(WORK ORDER)
Go through the records and count the lines where the string "Require" occurs. Reply with the number only.
··· RECORDS
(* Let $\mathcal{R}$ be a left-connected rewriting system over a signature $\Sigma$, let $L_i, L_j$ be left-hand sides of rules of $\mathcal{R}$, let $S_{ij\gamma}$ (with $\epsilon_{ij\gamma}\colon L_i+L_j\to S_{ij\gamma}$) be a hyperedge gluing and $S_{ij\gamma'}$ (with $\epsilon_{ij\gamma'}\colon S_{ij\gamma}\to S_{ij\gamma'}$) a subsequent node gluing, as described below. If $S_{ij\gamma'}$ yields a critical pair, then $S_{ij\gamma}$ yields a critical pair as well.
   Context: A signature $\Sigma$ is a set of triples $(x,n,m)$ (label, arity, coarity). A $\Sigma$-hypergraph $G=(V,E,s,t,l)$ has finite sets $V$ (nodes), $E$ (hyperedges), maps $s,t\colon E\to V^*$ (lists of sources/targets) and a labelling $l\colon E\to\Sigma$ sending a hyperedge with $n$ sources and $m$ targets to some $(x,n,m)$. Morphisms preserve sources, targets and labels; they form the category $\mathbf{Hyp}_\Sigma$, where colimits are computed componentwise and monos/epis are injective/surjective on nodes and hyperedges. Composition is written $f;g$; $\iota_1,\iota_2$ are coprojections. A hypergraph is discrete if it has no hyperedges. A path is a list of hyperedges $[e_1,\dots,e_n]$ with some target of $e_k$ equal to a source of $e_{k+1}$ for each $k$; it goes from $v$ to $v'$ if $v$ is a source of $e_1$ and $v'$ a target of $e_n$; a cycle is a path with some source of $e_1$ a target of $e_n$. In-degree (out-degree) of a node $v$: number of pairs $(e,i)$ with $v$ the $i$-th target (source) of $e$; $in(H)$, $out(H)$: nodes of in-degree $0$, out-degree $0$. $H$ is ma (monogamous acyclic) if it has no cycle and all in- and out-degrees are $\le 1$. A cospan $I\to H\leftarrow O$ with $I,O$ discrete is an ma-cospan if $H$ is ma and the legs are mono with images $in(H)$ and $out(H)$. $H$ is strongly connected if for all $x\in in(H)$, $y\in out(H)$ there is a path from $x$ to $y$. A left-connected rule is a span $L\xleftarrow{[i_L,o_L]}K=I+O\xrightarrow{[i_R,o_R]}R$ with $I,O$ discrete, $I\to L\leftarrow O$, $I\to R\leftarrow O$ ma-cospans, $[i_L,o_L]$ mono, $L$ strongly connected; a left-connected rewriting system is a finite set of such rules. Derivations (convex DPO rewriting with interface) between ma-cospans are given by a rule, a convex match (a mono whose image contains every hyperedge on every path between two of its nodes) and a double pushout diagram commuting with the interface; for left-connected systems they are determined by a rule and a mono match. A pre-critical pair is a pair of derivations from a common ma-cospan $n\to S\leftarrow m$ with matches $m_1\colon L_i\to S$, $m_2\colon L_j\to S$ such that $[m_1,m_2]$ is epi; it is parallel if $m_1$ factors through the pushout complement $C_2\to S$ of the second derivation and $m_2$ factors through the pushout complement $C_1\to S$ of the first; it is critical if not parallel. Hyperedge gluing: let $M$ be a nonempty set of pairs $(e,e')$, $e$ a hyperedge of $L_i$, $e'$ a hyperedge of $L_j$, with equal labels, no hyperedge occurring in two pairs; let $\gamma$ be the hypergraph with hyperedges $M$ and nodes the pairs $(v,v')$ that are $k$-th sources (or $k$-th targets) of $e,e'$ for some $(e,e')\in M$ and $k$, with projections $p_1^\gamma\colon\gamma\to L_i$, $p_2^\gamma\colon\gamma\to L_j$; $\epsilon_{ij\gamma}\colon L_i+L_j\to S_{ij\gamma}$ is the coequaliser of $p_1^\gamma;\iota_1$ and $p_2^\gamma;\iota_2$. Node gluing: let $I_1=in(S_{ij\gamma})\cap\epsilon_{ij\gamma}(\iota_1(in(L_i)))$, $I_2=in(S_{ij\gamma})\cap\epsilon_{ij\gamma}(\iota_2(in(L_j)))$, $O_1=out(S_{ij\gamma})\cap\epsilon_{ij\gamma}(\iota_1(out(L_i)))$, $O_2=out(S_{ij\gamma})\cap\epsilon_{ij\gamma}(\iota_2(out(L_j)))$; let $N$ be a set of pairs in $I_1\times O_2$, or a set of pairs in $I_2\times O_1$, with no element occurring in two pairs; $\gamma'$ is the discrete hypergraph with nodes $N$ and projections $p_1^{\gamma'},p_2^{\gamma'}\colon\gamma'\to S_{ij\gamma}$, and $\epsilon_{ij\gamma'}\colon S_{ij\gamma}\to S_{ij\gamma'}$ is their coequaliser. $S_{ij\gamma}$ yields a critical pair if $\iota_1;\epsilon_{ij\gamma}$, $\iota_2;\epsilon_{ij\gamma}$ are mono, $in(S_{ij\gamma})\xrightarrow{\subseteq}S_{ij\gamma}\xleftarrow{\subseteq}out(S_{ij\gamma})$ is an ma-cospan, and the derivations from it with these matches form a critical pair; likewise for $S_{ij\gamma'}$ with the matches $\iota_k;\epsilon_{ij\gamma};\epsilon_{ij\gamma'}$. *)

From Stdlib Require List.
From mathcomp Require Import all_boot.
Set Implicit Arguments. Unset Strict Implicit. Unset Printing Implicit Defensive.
······
(RESPONSE)
2